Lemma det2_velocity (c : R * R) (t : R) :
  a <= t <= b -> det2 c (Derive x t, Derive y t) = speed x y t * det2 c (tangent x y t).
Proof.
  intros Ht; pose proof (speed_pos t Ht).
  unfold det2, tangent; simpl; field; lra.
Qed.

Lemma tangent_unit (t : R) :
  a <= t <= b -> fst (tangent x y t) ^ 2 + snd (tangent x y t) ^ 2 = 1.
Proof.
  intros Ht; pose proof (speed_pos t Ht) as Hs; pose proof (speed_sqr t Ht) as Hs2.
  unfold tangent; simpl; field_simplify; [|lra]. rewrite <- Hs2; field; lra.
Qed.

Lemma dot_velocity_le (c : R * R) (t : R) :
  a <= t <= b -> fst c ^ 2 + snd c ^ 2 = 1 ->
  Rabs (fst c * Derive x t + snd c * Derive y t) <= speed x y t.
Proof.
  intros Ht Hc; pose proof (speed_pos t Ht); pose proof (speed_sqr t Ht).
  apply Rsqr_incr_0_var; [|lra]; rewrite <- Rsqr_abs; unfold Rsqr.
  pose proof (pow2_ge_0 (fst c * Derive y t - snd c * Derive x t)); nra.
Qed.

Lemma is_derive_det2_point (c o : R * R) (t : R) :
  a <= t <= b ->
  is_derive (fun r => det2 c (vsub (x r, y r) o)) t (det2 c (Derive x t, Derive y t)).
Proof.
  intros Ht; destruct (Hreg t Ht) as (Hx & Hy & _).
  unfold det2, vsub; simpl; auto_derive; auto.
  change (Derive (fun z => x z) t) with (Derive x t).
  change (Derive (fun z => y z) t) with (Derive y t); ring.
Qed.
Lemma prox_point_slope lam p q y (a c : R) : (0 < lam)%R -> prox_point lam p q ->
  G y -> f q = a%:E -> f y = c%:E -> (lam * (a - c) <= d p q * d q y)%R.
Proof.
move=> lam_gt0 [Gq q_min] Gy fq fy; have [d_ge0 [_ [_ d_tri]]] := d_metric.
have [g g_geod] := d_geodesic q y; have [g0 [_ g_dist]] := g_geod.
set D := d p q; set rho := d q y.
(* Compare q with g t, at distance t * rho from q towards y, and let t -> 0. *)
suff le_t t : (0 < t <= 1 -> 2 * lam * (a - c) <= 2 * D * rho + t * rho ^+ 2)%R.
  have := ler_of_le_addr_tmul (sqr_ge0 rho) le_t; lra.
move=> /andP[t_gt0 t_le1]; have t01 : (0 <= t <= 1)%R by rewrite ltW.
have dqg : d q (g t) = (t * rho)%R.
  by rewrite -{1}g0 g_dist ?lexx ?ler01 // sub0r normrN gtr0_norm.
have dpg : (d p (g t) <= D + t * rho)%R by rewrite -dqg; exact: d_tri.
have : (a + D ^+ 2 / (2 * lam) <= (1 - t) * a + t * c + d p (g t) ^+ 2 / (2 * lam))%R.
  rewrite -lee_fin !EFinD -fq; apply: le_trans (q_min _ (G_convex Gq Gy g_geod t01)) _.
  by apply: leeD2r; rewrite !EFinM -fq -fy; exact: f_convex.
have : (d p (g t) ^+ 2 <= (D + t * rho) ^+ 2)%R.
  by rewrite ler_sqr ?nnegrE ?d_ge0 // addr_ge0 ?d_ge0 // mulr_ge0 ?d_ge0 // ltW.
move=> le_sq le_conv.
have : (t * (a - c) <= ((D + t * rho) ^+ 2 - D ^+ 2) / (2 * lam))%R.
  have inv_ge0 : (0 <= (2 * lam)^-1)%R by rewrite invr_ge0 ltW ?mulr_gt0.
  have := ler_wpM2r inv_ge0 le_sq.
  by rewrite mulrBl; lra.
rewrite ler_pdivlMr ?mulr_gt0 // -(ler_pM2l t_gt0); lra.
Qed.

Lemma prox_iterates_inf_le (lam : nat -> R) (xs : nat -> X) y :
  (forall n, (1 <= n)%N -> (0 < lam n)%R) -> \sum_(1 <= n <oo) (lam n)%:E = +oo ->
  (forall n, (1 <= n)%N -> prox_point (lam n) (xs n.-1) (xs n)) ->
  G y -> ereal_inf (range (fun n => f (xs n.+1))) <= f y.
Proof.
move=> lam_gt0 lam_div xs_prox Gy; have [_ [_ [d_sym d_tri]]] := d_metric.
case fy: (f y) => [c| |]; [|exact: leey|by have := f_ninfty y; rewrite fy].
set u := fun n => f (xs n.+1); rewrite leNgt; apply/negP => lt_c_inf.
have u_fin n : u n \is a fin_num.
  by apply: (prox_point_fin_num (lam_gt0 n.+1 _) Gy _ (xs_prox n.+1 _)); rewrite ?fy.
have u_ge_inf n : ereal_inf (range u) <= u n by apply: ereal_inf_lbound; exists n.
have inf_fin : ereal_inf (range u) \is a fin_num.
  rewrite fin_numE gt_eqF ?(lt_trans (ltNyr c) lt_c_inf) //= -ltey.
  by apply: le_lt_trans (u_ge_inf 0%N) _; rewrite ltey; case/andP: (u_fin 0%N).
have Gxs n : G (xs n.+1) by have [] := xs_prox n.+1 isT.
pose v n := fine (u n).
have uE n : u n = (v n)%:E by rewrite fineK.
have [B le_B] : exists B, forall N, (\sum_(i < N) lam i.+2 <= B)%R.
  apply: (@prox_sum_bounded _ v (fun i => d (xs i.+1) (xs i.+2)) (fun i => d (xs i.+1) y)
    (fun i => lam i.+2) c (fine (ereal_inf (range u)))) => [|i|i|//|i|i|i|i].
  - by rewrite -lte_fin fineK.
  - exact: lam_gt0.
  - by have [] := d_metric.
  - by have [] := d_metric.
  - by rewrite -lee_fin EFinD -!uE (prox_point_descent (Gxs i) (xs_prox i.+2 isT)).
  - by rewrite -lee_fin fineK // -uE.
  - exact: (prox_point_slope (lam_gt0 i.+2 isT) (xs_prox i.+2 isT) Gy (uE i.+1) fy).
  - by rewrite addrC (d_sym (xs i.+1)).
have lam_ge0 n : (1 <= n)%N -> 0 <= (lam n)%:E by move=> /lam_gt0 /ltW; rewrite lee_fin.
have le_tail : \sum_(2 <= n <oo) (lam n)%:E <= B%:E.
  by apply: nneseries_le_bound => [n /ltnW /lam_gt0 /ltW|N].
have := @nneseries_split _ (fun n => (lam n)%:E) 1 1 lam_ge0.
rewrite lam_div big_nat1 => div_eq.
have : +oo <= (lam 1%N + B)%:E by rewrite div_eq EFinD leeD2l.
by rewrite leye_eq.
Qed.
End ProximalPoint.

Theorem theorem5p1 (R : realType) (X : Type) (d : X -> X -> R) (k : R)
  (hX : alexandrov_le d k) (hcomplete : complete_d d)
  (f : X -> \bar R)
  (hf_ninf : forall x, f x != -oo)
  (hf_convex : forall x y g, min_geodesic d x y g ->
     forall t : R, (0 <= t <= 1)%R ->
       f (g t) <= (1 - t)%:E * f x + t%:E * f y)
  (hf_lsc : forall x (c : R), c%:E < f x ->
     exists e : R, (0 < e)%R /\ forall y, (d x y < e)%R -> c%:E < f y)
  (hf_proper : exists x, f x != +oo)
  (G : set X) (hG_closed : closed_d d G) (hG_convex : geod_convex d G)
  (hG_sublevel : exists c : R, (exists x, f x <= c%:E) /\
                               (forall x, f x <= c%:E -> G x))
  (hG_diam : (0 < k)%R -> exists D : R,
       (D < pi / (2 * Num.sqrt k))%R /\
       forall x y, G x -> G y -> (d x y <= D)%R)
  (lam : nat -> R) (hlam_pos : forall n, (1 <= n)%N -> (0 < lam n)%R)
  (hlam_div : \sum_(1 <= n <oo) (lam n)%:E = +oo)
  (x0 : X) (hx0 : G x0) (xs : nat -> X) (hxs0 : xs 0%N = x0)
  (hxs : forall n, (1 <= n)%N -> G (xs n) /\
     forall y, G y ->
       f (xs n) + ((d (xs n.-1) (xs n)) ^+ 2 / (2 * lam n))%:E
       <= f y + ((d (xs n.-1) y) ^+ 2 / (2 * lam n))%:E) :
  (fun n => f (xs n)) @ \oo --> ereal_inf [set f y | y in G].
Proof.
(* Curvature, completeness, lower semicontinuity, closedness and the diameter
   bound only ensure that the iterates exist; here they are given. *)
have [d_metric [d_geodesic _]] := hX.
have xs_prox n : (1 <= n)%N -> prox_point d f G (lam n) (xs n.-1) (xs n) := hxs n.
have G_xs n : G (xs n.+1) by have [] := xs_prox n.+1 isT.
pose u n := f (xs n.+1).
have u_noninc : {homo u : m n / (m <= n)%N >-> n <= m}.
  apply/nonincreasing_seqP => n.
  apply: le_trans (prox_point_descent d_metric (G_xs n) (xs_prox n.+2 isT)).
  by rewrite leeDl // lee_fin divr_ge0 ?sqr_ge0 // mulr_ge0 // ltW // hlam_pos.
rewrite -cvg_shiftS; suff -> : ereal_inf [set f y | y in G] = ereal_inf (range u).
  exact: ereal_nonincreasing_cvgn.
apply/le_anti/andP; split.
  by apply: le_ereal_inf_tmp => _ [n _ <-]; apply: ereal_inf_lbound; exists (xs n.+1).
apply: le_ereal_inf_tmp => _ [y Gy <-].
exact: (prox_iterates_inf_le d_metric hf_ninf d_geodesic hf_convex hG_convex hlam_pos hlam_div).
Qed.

:::::

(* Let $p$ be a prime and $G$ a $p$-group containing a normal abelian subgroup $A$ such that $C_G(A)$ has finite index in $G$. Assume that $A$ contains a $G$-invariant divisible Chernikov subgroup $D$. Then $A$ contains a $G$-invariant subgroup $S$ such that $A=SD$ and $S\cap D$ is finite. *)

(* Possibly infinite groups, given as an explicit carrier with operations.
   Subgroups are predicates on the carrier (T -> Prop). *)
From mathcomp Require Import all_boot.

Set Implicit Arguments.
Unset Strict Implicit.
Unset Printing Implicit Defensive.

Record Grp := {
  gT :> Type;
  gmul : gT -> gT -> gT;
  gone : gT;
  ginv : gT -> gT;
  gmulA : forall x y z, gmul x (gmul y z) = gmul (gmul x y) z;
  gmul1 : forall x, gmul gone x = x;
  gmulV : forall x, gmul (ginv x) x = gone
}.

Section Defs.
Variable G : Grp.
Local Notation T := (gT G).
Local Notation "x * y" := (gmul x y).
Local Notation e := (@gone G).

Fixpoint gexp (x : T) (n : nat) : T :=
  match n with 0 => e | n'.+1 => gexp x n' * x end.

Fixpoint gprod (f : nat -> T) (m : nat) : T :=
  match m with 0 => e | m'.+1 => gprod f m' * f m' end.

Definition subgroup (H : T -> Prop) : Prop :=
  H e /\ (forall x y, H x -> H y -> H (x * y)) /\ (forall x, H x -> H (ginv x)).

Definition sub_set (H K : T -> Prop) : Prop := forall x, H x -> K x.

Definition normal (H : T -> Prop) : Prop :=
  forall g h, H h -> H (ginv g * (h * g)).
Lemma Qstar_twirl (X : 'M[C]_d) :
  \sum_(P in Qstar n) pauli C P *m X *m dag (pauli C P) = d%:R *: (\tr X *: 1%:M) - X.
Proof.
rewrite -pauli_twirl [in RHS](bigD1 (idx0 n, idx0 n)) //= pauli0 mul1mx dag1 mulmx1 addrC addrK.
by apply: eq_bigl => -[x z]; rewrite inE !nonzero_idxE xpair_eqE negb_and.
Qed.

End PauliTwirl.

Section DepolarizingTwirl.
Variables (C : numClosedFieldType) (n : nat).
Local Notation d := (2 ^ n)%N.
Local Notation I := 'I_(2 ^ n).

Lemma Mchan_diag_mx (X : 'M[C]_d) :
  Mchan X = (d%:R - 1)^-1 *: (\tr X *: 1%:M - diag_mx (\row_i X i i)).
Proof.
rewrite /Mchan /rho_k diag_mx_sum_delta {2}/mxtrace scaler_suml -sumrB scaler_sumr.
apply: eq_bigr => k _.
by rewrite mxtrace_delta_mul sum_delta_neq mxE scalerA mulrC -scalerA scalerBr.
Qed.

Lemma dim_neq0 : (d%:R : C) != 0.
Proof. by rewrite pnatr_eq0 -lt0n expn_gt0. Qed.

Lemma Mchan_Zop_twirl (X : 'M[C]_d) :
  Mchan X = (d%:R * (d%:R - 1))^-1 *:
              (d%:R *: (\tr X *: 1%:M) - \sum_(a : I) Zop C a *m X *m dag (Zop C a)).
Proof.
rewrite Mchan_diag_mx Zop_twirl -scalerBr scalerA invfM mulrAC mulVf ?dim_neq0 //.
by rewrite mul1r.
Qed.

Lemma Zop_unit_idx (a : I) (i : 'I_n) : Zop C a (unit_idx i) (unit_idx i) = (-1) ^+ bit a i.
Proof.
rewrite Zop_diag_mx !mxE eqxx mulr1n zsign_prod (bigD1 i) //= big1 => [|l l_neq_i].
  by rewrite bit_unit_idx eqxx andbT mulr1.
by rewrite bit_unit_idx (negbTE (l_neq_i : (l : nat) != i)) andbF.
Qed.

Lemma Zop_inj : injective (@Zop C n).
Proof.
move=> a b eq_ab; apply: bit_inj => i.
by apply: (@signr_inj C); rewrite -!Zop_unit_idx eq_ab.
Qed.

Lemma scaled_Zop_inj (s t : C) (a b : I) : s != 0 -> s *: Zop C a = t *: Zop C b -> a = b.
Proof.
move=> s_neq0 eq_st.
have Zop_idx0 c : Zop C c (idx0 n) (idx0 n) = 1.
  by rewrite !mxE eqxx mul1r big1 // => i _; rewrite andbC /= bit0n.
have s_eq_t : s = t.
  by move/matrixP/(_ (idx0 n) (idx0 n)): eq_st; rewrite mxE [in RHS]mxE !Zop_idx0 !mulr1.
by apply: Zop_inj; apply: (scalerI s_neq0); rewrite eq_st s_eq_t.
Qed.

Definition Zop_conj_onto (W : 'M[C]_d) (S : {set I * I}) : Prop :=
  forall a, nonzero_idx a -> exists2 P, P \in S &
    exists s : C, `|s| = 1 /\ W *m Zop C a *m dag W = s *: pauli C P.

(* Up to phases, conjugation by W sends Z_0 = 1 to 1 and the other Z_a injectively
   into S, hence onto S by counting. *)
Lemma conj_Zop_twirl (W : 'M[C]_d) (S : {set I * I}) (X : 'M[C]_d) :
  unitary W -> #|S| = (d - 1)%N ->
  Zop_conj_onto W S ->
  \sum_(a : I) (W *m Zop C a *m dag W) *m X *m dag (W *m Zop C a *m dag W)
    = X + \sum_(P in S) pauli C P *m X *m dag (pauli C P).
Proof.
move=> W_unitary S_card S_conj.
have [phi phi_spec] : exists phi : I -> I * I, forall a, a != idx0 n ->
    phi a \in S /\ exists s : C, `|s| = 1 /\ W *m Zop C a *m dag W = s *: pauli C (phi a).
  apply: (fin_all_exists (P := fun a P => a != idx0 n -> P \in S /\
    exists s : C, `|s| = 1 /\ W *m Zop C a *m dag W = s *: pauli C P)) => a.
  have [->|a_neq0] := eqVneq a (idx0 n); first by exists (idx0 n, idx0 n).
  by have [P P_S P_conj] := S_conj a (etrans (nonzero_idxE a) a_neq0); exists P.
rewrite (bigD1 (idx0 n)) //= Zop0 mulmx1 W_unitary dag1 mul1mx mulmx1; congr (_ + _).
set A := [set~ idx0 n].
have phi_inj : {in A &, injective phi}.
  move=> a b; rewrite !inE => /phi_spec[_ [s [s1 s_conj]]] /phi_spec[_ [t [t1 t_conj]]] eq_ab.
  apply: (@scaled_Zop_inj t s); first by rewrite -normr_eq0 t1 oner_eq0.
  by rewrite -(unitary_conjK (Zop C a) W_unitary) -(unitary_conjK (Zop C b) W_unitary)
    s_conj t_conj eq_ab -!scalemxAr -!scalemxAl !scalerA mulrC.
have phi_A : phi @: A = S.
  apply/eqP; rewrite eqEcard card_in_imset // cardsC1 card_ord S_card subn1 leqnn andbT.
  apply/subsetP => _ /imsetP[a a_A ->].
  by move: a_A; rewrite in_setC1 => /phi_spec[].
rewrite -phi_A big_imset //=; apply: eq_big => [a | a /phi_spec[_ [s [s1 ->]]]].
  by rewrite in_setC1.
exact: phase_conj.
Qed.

:::::

## WORK TO BE COMPLETED
Given the records above, reproduce precisely and only the lines between the line holding "Lemma det2_velocity (c" and the line holding "apply Rsqr_incr_0_var; [|lra];", inclusive.

## EXERCISE OUTPUT
Lemma det2_velocity (c : R * R) (t : R) :
  a <= t <= b -> det2 c (Derive x t, Derive y t) = speed x y t * det2 c (tangent x y t).
Proof.
  intros Ht; pose proof (speed_pos t Ht).
  unfold det2, tangent; simpl; field; lra.
Qed.

Lemma tangent_unit (t : R) :
  a <= t <= b -> fst (tangent x y t) ^ 2 + snd (tangent x y t) ^ 2 = 1.
Proof.
  intros Ht; pose proof (speed_pos t Ht) as Hs; pose proof (speed_sqr t Ht) as Hs2.
  unfold tangent; simpl; field_simplify; [|lra]. rewrite <- Hs2; field; lra.
Qed.

Lemma dot_velocity_le (c : R * R) (t : R) :
  a <= t <= b -> fst c ^ 2 + snd c ^ 2 = 1 ->
  Rabs (fst c * Derive x t + snd c * Derive y t) <= speed x y t.
Proof.
  intros Ht Hc; pose proof (speed_pos t Ht); pose proof (speed_sqr t Ht).
  apply Rsqr_incr_0_var; [|lra]; rewrite <- Rsqr_abs; unfold Rsqr.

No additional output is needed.